Methods: Data from 5,288 certified PWDs were analyzed using the National Sample Survey on Subjective Perceptions and Evaluation of Persons with Disabilities’ Protection and Development (2023) in China. Linear regression and the Karlson, Holm, and Breen (KHB) method were employed. A heterogeneity analysis was conducted to evaluate subgroup variations.

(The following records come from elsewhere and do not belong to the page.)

Lemma div_1Dsqr_cayley [F : fieldType] [h : F] :
    h + 1 != 0 -> 1 + h ^+ 2 != 0 -> 2%:R != 0 :> F ->
  h / (1 + h ^+ 2) = 1 / (1 + ((h - 1) / (h + 1)) ^+ 2) - 1 / (1 + 1 ^+ 2).
Proof.
move=> hp1 h_ok two_neq0.
have -> : 1 + ((h - 1) / (h + 1)) ^+ 2 = 2%:R * (1 + h ^+ 2) / (h + 1) ^+ 2.
  by field.
by field; rewrite hp1 h_ok two_neq0.
Qed.

Lemma dress_div_1Dsqr (h : RX) : 1 + h ^+ 2 != 0 -> dress (h / (1 + h ^+ 2)).
Proof.
move=> h_ok; have [->|h_neqN1] := eqVneq h (-1).
  by rewrite sqrrN mulNr; apply/dress_opp/dress_gen.
have hp1 : h + 1 != 0 by rewrite addr_eq0.
rewrite (div_1Dsqr_cayley hp1 h_ok natr2_neq0).
by apply: dress_sub; exact: dress_gen.
Qed.

Lemma div_sqr_addC_lin [F : fieldType] [a b v : F] (n0 n1 : F) :
    b != 0 -> 1 + v ^+ 2 != 0 ->
  (n0 + n1 * (b * v + a)) / ((b * v) ^+ 2 + b ^+ 2) =
    (n0 + n1 * a) / b ^+ 2 * (1 / (1 + v ^+ 2)) + n1 / b * (v / (1 + v ^+ 2)).
Proof.
move=> b_neq0 v_ok.
have -> : (b * v) ^+ 2 + b ^+ 2 = b ^+ 2 * (1 + v ^+ 2) by ring.
by field; rewrite b_neq0 v_ok.
Qed.

Lemma dress_frac_sqr_addC (a b : realR) (N : {poly realR}) :
    b != 0 -> (size N <= 2)%N ->
  dress (N%:F / (('X - a%:P) ^+ 2 + (b ^+ 2)%:P)%:F).
Proof.
move=> b_neq0 /poly_size2E ->.
pose v := ('X - a%:P) * (b^-1)%:P.
have eXa : 'X - a%:P = b%:P * v by rewrite /v mulrCA -polyCM divff // mulr1.
have eX : 'X = b%:P * v + a%:P by rewrite -eXa subrK.
have cb_neq0 : cst b != 0 by rewrite fmorph_eq0.
clearbody v; rewrite eXa {1}eX !tofracD tofracXn !tofracM tofracD tofracM.
rewrite -[((b ^+ 2)%:P)%:F]/(cst (b ^+ 2)) rmorphXn.
rewrite -/(cst N`_0) -/(cst N`_1) -/(cst a) -/(cst b).
rewrite (div_sqr_addC_lin _ _ cb_neq0 (tofrac_1sqr_neq0 v)).
apply: dress_add; apply: dress_mul.
- by rewrite -rmorphM -rmorphD -rmorphXn -fmorph_div; exact: dress_cst.
- exact: dress_gen.
- by rewrite -fmorph_div; exact: dress_cst.
- exact: dress_div_1Dsqr (tofrac_1sqr_neq0 v).
Qed.

Lemma divMDl_split [F : fieldType] (a b : F) [c d : F] : c != 0 -> d != 0 ->
  (a * d + b) / (c * d) = a / c + b / d * (1 / c).
Proof. by move=> c_neq0 d_neq0; field; rewrite c_neq0 d_neq0. Qed.

Lemma dress_frac (g N : {poly realR}) :
  (forall r, ~~ root g r) -> (size N <= size g)%N -> dress (N%:F / g%:F).
Proof.
have [n] := ubnP (size g); elim: n g N => // n IH g N g_lt g_rootfree N_le.
have g_neq0 : g != 0 by apply: contraTneq (g_rootfree 0) => ->; rewrite root0.
have [g_const|g_nconst] := leqP (size g) 1.
  rewrite (size1_polyC g_const) (size1_polyC (leq_trans N_le g_const)).
  by rewrite -/(cst _) -/(cst _) -fmorph_div; exact: dress_cst.
have [a [b [b_neq0 Q_dvd]]] := realR_rootfree_quadratic_factor g_rootfree g_nconst.
set Q := _ + _ in Q_dvd.
have sizeQ : size Q = 3%N by rewrite size_sqr_XsubC_addC.
have Q_neq0 : Q != 0 by rewrite -size_poly_eq0 sizeQ.
set g' := g %/ Q; have eg : g = g' * Q by rewrite divpK.
have g'_neq0 : g' != 0 by apply: contraNneq g_neq0; rewrite eg => ->; rewrite mul0r.
have size_g : size g = (size g' + 2)%N by rewrite eg size_mul // sizeQ addnS addn2.
have g'_rootfree r : ~~ root g' r.
  by apply: contra (g_rootfree r); rewrite eg rootM => ->.
have IH' (M : {poly realR}) : (size M <= size g')%N -> dress (M%:F / g'%:F).
  by apply: IH => //; rewrite -ltnS (leq_trans _ g_lt) // size_g addn2.
have Q_F : Q%:F != 0 by rewrite tofrac_eq0.
have g'_F : g'%:F != 0 by rewrite tofrac_eq0.
rewrite eg (divp_eq N Q) tofracD !tofracM (divMDl_split _ _ g'_F Q_F).
apply: dress_add; first by apply: IH'; rewrite size_divp // sizeQ leq_subLR addnC -size_g.
apply: dress_mul; last by rewrite -tofrac1; apply: IH'; rewrite size_poly1 lt0n size_poly_eq0.
apply: dress_frac_sqr_addC => //.
by have := ltn_modpN0 N Q_neq0; rewrite sizeQ.
Qed.

Definition mx2 {R : nzRingType} (a b c d : R) : 'M[R]_2 :=
  \matrix_(i, j) if i == 0 :> nat then (if j == 0 :> nat then a else b)
                 else (if j == 0 :> nat then c else d).

Lemma mul_mx2 (R : nzRingType) (a b c d a' b' c' d' : R) :
  mx2 a b c d *m mx2 a' b' c' d' =
  mx2 (a * a' + b * c') (a * b' + b * d') (c * a' + d * c') (c * b' + d * d').
Proof.
apply/matrixP => i j; rewrite !mxE big_ord_recl big_ord1 !mxE /=.
by case: i => [[|[|i]] hi]; case: j => [[|[|j]] hj].
Qed.

Lemma mx2_idempotent (R : comNzRingType) (a b c d : R) :
  a + d = 1 -> a * d = b * c -> mx2 a b c d *m mx2 a b c d = mx2 a b c d.
Proof.
move=> tr1 det0; have ed : d = 1 - a by rewrite -tr1 addrC addKr.
rewrite mul_mx2 ed in det0 *; congr mx2; rewrite ?[c * b]mulrC -?det0; ring.
Qed.

Lemma mx2_0k_factor (R : comNzRingType) (k : R) :
  mx2 0 k 0 0 = mx2 1 0 0 0 *m mx2 0 k 0 1.
Proof. by rewrite mul_mx2; congr mx2; ring. Qed.

Lemma mx2_k0_factor (R : comNzRingType) (k : R) :
  mx2 k 0 0 0 = mx2 1 (k - 1) 0 0 *m mx2 1 0 1 0.
Proof. by rewrite mul_mx2; congr mx2; ring. Qed.

Lemma mx2_0k_mul (R : comNzRingType) (k a b c d : R) :
  mx2 0 k 0 0 *m mx2 a b c d = mx2 (k * c) (k * d) 0 0.
Proof. by rewrite mul_mx2; congr mx2; ring. Qed.

Lemma mx2_k0_mul (R : comNzRingType) (k a b c d : R) :
  mx2 k 0 0 0 *m mx2 a b c d = mx2 (k * a) (k * b) 0 0.
Proof. by rewrite mul_mx2; congr mx2; ring. Qed.

Lemma foldr_mulmx_1 (R : nzRingType) n (s : seq 'M[R]_n) (B : 'M[R]_n) :
  foldr (fun E B => E *m B) B s = foldr (fun E B => E *m B) 1%:M s *m B.
Proof. by elim: s => [|E s IH] /=; rewrite ?mul1mx // IH mulmxA. Qed.

Lemma prod_idempotents_mul n (A B : 'M[RX]_n) :
  prod_idempotents_over_dress A -> prod_idempotents_over_dress B ->
  prod_idempotents_over_dress (A *m B).
Proof.
move=> [sA [sA_idem ->]] [sB [sB_idem ->]]; exists (sA ++ sB); split.
  by move=> E; rewrite mem_cat => /orP[]; [exact: sA_idem|exact: sB_idem].
by rewrite foldr_cat [RHS]foldr_mulmx_1.
Qed.

Lemma prod_idempotents_mx2 (a b c d : RX) :
    dress a -> dress b -> dress c -> dress d -> a + d = 1 -> a * d = b * c ->
  prod_idempotents_over_dress (mx2 a b c d).
Proof.
move=> da db dc dd tr1 det0; exists [:: mx2 a b c d]; split; last by rewrite /= mulmx1.
move=> E; rewrite inE => /eqP ->; split; last exact: mx2_idempotent.
by move=> i j; rewrite mxE; case: i => [[|[|i]] hi]; case: j => [[|[|j]] hj].
Qed.

Lemma prod_idempotents_mx2_0k (k : RX) : dress k -> prod_idempotents_over_dress (mx2 0 k 0 0).
Proof.
move=> dk; rewrite mx2_0k_factor; apply: prod_idempotents_mul.
  by apply: prod_idempotents_mx2; rewrite ?addr0 ?mulr0 ?mul0r.
by apply: prod_idempotents_mx2; rewrite ?add0r ?mulr0 ?mul0r.
Qed.

Lemma prod_idempotents_mx2_k0 (k : RX) : dress k -> prod_idempotents_over_dress (mx2 k 0 0 0).
Proof.
move=> dk; rewrite mx2_k0_factor; apply: prod_idempotents_mul.
  by apply: prod_idempotents_mx2; rewrite ?addr0 ?mulr0 ?mul0r //; apply: dress_sub.
by apply: prod_idempotents_mx2; rewrite ?addr0 ?mulr0 ?mul0r.
Qed.

Section RowScaling.
Context {P Q : RX} {c : realR}.
Hypotheses (dP : dress P) (dQ : dress Q) (c_neq0 : c != 0).

Let cc_neq0 : cst c != 0. Proof. by rewrite fmorph_eq0. Qed.
Let dc : dress (cst c). Proof. exact: dress_cst. Qed.
Let dcV : dress (cst c)^-1. Proof. by rewrite -fmorphV; exact: dress_cst. Qed.

Lemma prod_idempotents_bottom_row (b : RX) : dress b ->
    b * (cst c * P) = (1 - cst c * Q) * (cst c * Q) ->
  prod_idempotents_over_dress (mx2 P Q 0 0).
Proof.
move=> db det0.
have -> : mx2 P Q 0 0 = mx2 0 (cst c)^-1 0 0 *m mx2 (1 - cst c * Q) b (cst c * P) (cst c * Q).
  by rewrite mx2_0k_mul !mulrA mulVf // !mul1r.
apply: prod_idempotents_mul; first exact: prod_idempotents_mx2_0k.
apply: prod_idempotents_mx2; rewrite ?subrK //; do ?apply: dress_mul => //.
by apply: dress_sub => //; apply: dress_mul.
Qed.

Lemma prod_idempotents_top_row (w : RX) : dress w ->
    cst c * P * (1 - cst c * P) = cst c * Q * w ->
  prod_idempotents_over_dress (mx2 P Q 0 0).
Proof.
move=> dw det0.
have -> : mx2 P Q 0 0 = mx2 (cst c)^-1 0 0 0 *m mx2 (cst c * P) (cst c * Q) w (1 - cst c * P).
  by rewrite mx2_k0_mul !mulrA mulVf // !mul1r.
apply: prod_idempotents_mul; first exact: prod_idempotents_mx2_k0.
apply: prod_idempotents_mx2; rewrite ?subrKC //; do ?apply: dress_mul => //.
by apply: dress_sub => //; apply: dress_mul.
Qed.
Lemma fs_inv (P : {set gT}) f : F P f ->
  exists g, F (f @: P) g /\ {in P, cancel f g}.
Proof. by case: FS => _ _ _ _ [_ inv]; apply: inv. Qed.

Lemma fs_imgroup (P : {set gT}) f : F P f -> group_set (f @: P).
Proof. by move/fs_inv=> [g [/fs_group]]. Qed.

Definition fmorph P f (Pf : F P f) : {morphism P >-> gT} :=
  @Morphism _ _ P f (fs_morph Pf).

Lemma fs_conjg P f x y : F P f -> x \in P -> y \in P -> f (x ^ y) = f x ^ f y.
Proof. by move=> Pf Px Py; apply: (morphJ (fmorph Pf)). Qed.

Lemma fs_cent_im D h (A C : {set gT}) : F D h -> A \subset D -> C \subset D ->
  C \subset 'C(A) -> h @: C \subset 'C(h @: A).
Proof.
move=> Dh sAD sCD cCA; apply/subsetP=> _ /imsetP[c Cc ->].
apply/centP=> _ /imsetP[a Aa ->].
have Dc := subsetP sCD c Cc; have Da := subsetP sAD a Aa.
rewrite /commute -!(fs_morph Dh) //.
by have /centP/(_ a Aa) := subsetP cCA c Cc => ->.
Qed.

Lemma fs_cent_card (U : {set gT}) D h (A C : {set gT}) : F D h ->
  A \subset D -> C \subset D -> C \subset 'C(A) -> h @: C \subset U ->
  #|C| <= #|'C_U(h @: A)|.
Proof.
move=> Dh sAD sCD cCA sCU.
rewrite -(card_in_imset (sub_in2 (subsetP sCD) (fs_inj Dh))).
by apply: subset_leq_card; rewrite subsetI sCU (fs_cent_im Dh).
Qed.

Lemma fs_norm_im D h (A : {set gT}) y : F D h -> A \subset D -> y \in D ->
  y \in 'N(A) -> h y \in 'N(h @: A).
Proof.
move=> Dh sAD Dy nAy; rewrite inE; apply/subsetP=> _ /imsetP[_ /imsetP[a Aa ->] ->].
rewrite -(fs_conjg Dh) ?(subsetP sAD a Aa) //; apply: imset_f.
by rewrite memJ_norm.
Qed.

End FusionBasics.

Section Conjugacy.
Variables (gT : finGroupType) (R : {group gT}) (F : fus_pred gT).
Hypothesis FS : is_fusion_system R F.
Implicit Types (P Q X N : {group gT}) (f g : {ffun gT -> gT}).

Lemma fconjP (P Q : {set gT}) :
  reflect (exists f, F P f /\ f @: P = Q) (fconj F P Q).
Proof.
apply: (iffP existsP) => [[f /andP[Pf /eqP e]]|[f [Pf e]]]; exists f => //.
by rewrite Pf e eqxx.
Qed.

Lemma fconj_refl P : P \subset R -> fconj F P P.
Proof.
move=> sPR; apply/fconjP; exists [ffun x => x]; split; first exact: (fs_id FS).
by rewrite -{2}(imset_id P); apply: eq_imset => x; rewrite ffunE.
Qed.

Lemma fconj_sym P Q : fconj F P Q -> fconj F Q P.
Proof.
case/fconjP=> f [Pf <-]; have [g [Qg gK]] := fs_inv FS Pf.
by apply/fconjP; exists g; split=> //; apply: imset_cancel.
Qed.
Let Xrv : {RV P >-> R} := mfun_Sub (mem_set mX : X \in mfun).

Let cdfE t : cdf Xrv t = (real_cdf P X t)%:E.
Proof. by rewrite /real_cdf fineK ?fin_num_measure //; exact: measurable_le_set. Qed.

Lemma real_cdf_right_continuous : right_continuous (real_cdf P X).
Proof.
move=> t; have -> : real_cdf P X = fine \o cdf Xrv by apply/funext => s /=; rewrite cdfE.
by apply: fine_cvg; rewrite -cdfE; exact: cdf_right_continuous.
Qed.

Hypothesis iX : P.-integrable setT (fun w => (X w)%:E).

Let layer_cake : (\int[P]_w (X w)%:E =
  upper_tail_integral (real_cdf P X) - lower_tail_integral (real_cdf P X))%E.
Proof.
have L1 : (Xrv : T -> R) \in Lfun P 1 by apply/Lfun1_integrable.
have := expectation_cdf_ccdf L1; rewrite expectation_def => ->.
by congr (_ - _)%E; apply: eq_integral => t _; rewrite ?ccdf_1_cdf cdfE.
Qed.

Lemma real_cdf_finite_mean : finite_mean_cdf (real_cdf P X).
Proof.
have := integrable_fin_num measurableT iX; rewrite layer_cake fin_numB => /andP[up_fin low_fin].
split => //.
- by move=> t; exact: fine_ge0.
- by move=> t; rewrite -lee_fin -cdfE cdf_le1.
- by move=> s t st; rewrite -lee_fin -!cdfE cdf_nondecreasing.
Qed.

Lemma expectation_real_cdf : fine (\int[P]_w (X w)%:E)%E = cdf_mean (real_cdf P X).
Proof. by rewrite layer_cake fineB //; have [] := real_cdf_finite_mean. Qed.

End measurable_variable.

Section random_vector.
Context {d : nat} {Z : T -> 'I_d -> R}.
Hypothesis mZ : forall j, measurable_fun setT (fun w => Z w j).

Lemma measurable_pleq_set (x : 'I_d -> R) : measurable [set w | pleq (Z w) x].
Proof.
have -> : [set w | pleq (Z w) x] = \bigcap_(j in setT) [set w | Z w j <= x j].
  by apply/seteqP; split => [w Zx j _ | w Zx j]; exact: Zx.
apply: fin_bigcap_measurable; first exact: finite_finset.
by move=> j _; exact: measurable_le_set.
Qed.

Lemma joint_cdf_cvg_marg_cdf (j : 'I_d) (t : R) :
  (fun m : nat => joint_cdf (cdfs_of P Z) (fun i => if i == j then t else m%:R))
    @ \oo --> marg_cdf (cdfs_of P Z) j t.
Proof.
pose A m := [set w | pleq (Z w) (fun i => if i == j then t else m%:R)].
have A_cup : \bigcup_m A m = [set w | Z w j <= t].
  apply/seteqP; split => [w [m _ Aw] | w /= Zt].
    by have := Aw j; rewrite eqxx.
  exists (Num.truncn (\sum_i `|Z w i|)).+1 => // i; case: eqP => [-> //|_].
  apply: le_trans (ltW (truncnS_gt _)); apply: le_trans (ler_norm _) _.
  by rewrite (bigD1 i) //= lerDl sumr_ge0.
have A_nd : nondecreasing_seq A.
  move=> m m' mm'; apply/subsetPset => w Aw i.
  by have := Aw i; case: eqP => // _ /le_trans; apply; rewrite ler_nat.
have mA : measurable (\bigcup_m A m).
  by rewrite A_cup; exact: measurable_le_set.
have := nondecreasing_cvg_mu (mu := P) (fun m => measurable_pleq_set _) mA A_nd.
rewrite A_cup => PA_cvg; apply: fine_cvg.
by rewrite fineK // fin_num_measure // -A_cup.
Qed.

End random_vector.
End real_cdf.

Lemma wfsd_mixture_marg_cdf_le {R : realType} {d n : nat}
    {dm : 'I_n -> measure_display} {T : forall i, measurableType (dm i)}
    {P : forall i, probability (T i) R} {Z : forall i, T i -> 'I_d -> R}
    {lam : 'I_n -> R} {k : 'I_n} :
  (forall i j, measurable_fun setT (fun w => Z i w j)) ->
  let D i := cdfs_of (P i) (Z i) in
  wfsd (mixture lam D) (D k) ->
  forall j t, marg_cdf (mixture lam D) j t <= marg_cdf (D k) j t.
Proof.
move=> mZ D joint_le j t.
have mix_cvg : (fun m : nat => joint_cdf (mixture lam D) (fun i => if i == j then t else m%:R))
    @ \oo --> marg_cdf (mixture lam D) j t.
  apply: cvg_big => [|i _]; first exact: add_continuous.
  by apply: cvgM; [exact: cvg_cst | exact: joint_cdf_cvg_marg_cdf (mZ i) j t].
apply: ler_cvg_to mix_cvg (joint_cdf_cvg_marg_cdf (P := P k) (mZ k) j t) _.
by apply: nearW => m; exact: joint_le.
Qed.

Theorem corollary5p1p1 (R : realType) (d n : nat)
  (dm : 'I_n -> measure_display) (T : forall i, measurableType (dm i))
  (P : forall i, probability (T i) R) (Z : forall i, T i -> 'I_d -> R)
  (hint : forall i j, (P i).-integrable setT (fun w => (Z i w j)%:E)) :
  forall k : 'I_n,
    CH (fun i => expect_vec (P i) (Z i)) k ->
    CDUS (fun i => cdfs_of (P i) (Z i)) k.
Proof.
move=> k k_CH [lam [hlam [joint_le [j marg_lt]]]]; apply: k_CH.
exists lam; split => //.
have mZ i j' : measurable_fun setT (fun w => Z i w j').
  by apply/measurable_EFinP; exact: measurable_int (hint i j').
have cdf_fin i j' := real_cdf_finite_mean (mZ i j') (hint i j').
have EV i j' : expect_vec (P i) (Z i) j' = cdf_mean (real_cdf (P i) (fun w => Z i w j')).
  exact: expectation_real_cdf (mZ i j') (hint i j').
have marg_le := wfsd_mixture_marg_cdf_le mZ joint_le.
rewrite /mix_vec; split => [j' | ]; [| exists j]; rewrite EV; under eq_bigr do rewrite EV.
- by apply: (cdf_mean_mix_le hlam (cdf_fin^~ j')) => t; exact: marg_le.
- have cdf_rc i := real_cdf_right_continuous (P := P i) (mZ i j).
  exact: cdf_mean_mix_lt hlam (cdf_fin^~ j) k cdf_rc marg_lt.
Qed.
(* Let $E,J,R,Q\in\mathbb{R}^{n\times n}$ with $J=-J^T$, $R=R^T\ge0$ and $Q^TE=E^TQ\ge0$. Then the pencil $sE-(J-R)Q$ is regular if and only if $\ker E\cap\ker(Q^TJQ)\cap\ker(Q^TRQ)=\{0\}$. Furthermore, if this holds and additionally $\ker Q\subseteq\ker E$, then $[E,(J-R)Q]$ is stable.
   Context: A pencil $sE-A$ is regular if $\det(sE-A)$ is not the zero polynomial. For $E,A\in\mathbb{R}^{n\times n}$, $[E,A]$ is stable if every $x\in C^\infty(\mathbb{R},\mathbb{R}^n)$ with $\tfrac{d}{dt}Ex=Ax$ is bounded on $[0,\infty)$. *)

From mathcomp Require Import all_boot all_order all_algebra.
From mathcomp Require Import all_classical all_reals all_analysis.
Set Implicit Arguments. Unset Strict Implicit. Unset Printing Implicit Defensive.
Import Order.TTheory GRing.Theory Num.Theory.
Local Open Scope ring_scope.

(* positive semidefinite quadratic form: v^T M v >= 0 (symmetry is a separate hypothesis) *)
Definition psd (R : realType) (n : nat) (M : 'M[R]_n) : Prop :=
  forall v : 'cV[R]_n, 0 <= (v^T *m M *m v) 0 0.

Definition pencil (R : realType) (n : nat) (E A : 'M[R]_n) : 'M[{poly R}]_n :=
  \matrix_(i, j) ('X * (E i j)%:P - (A i j)%:P).

Definition regular_pencil (R : realType) (n : nat) (E A : 'M[R]_n) : Prop :=
  \det (pencil E A) != 0.

Definition smooth_vec (R : realType) (n : nat) (x : R -> 'cV[R]_n) : Prop :=
  forall (i : 'I_n) (k : nat) (t : R),
    derivable (derive1n k (fun s => x s i 0)) t 1.

Definition solves_dae (R : realType) (n : nat) (E A : 'M[R]_n) (x : R -> 'cV[R]_n) : Prop :=
  forall (i : 'I_n) (t : R),
    derivable (fun s => (E *m x s) i 0) t 1 /\
    derive1 (fun s => (E *m x s) i 0) t = (A *m x t) i 0.

Definition stable_pencil (R : realType) (n : nat) (E A : 'M[R]_n) : Prop :=
  forall x : R -> 'cV[R]_n, smooth_vec x -> solves_dae E A x ->
    exists M : R, forall t : R, 0 <= t -> forall i : 'I_n, `|x t i 0| <= M.

From mathcomp Require Import all_boot all_order all_algebra.
From mathcomp Require Import all_classical all_reals all_analysis.
From mathcomp Require Import lra ring.
Set Implicit Arguments. Unset Strict Implicit. Unset Printing Implicit Defensive.
Import Order.TTheory GRing.Theory Num.Theory.
Local Open Scope ring_scope.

Results: Rehabilitation service utilization is negatively associated with SRD [β=−0.532, 95% confidence interval (CI): −0.832, −0.231, P<0.001], with economic participation serving as a mediator in this relationship (KHB: β=−0.044, 95% CI: −0.087, −0.001, P<0.05). The SRD-reducing effect of rehabilitation services is stronger among individuals with mild to moderate disabilities (β=−0.634,95% CI: −1.070, −0.197, P<0.01), those with at least a middle school education (β=−0.850,95% CI: −1.250, −0.450, P<0.001), and urban residents (β=−0.803, 95% CI: −1.370, −0.236, P<0.01). The mediating effects are also more pronounced within these subgroups.
Conclusions: Policies should prioritize enhancing rehabilitation services and employment support for PWDs, with particular focus on groups with mild to moderate disabilities, higher education backgrounds, and urban residents. Psychological interventions should also be implemented to mitigate SRD-related mental health risks.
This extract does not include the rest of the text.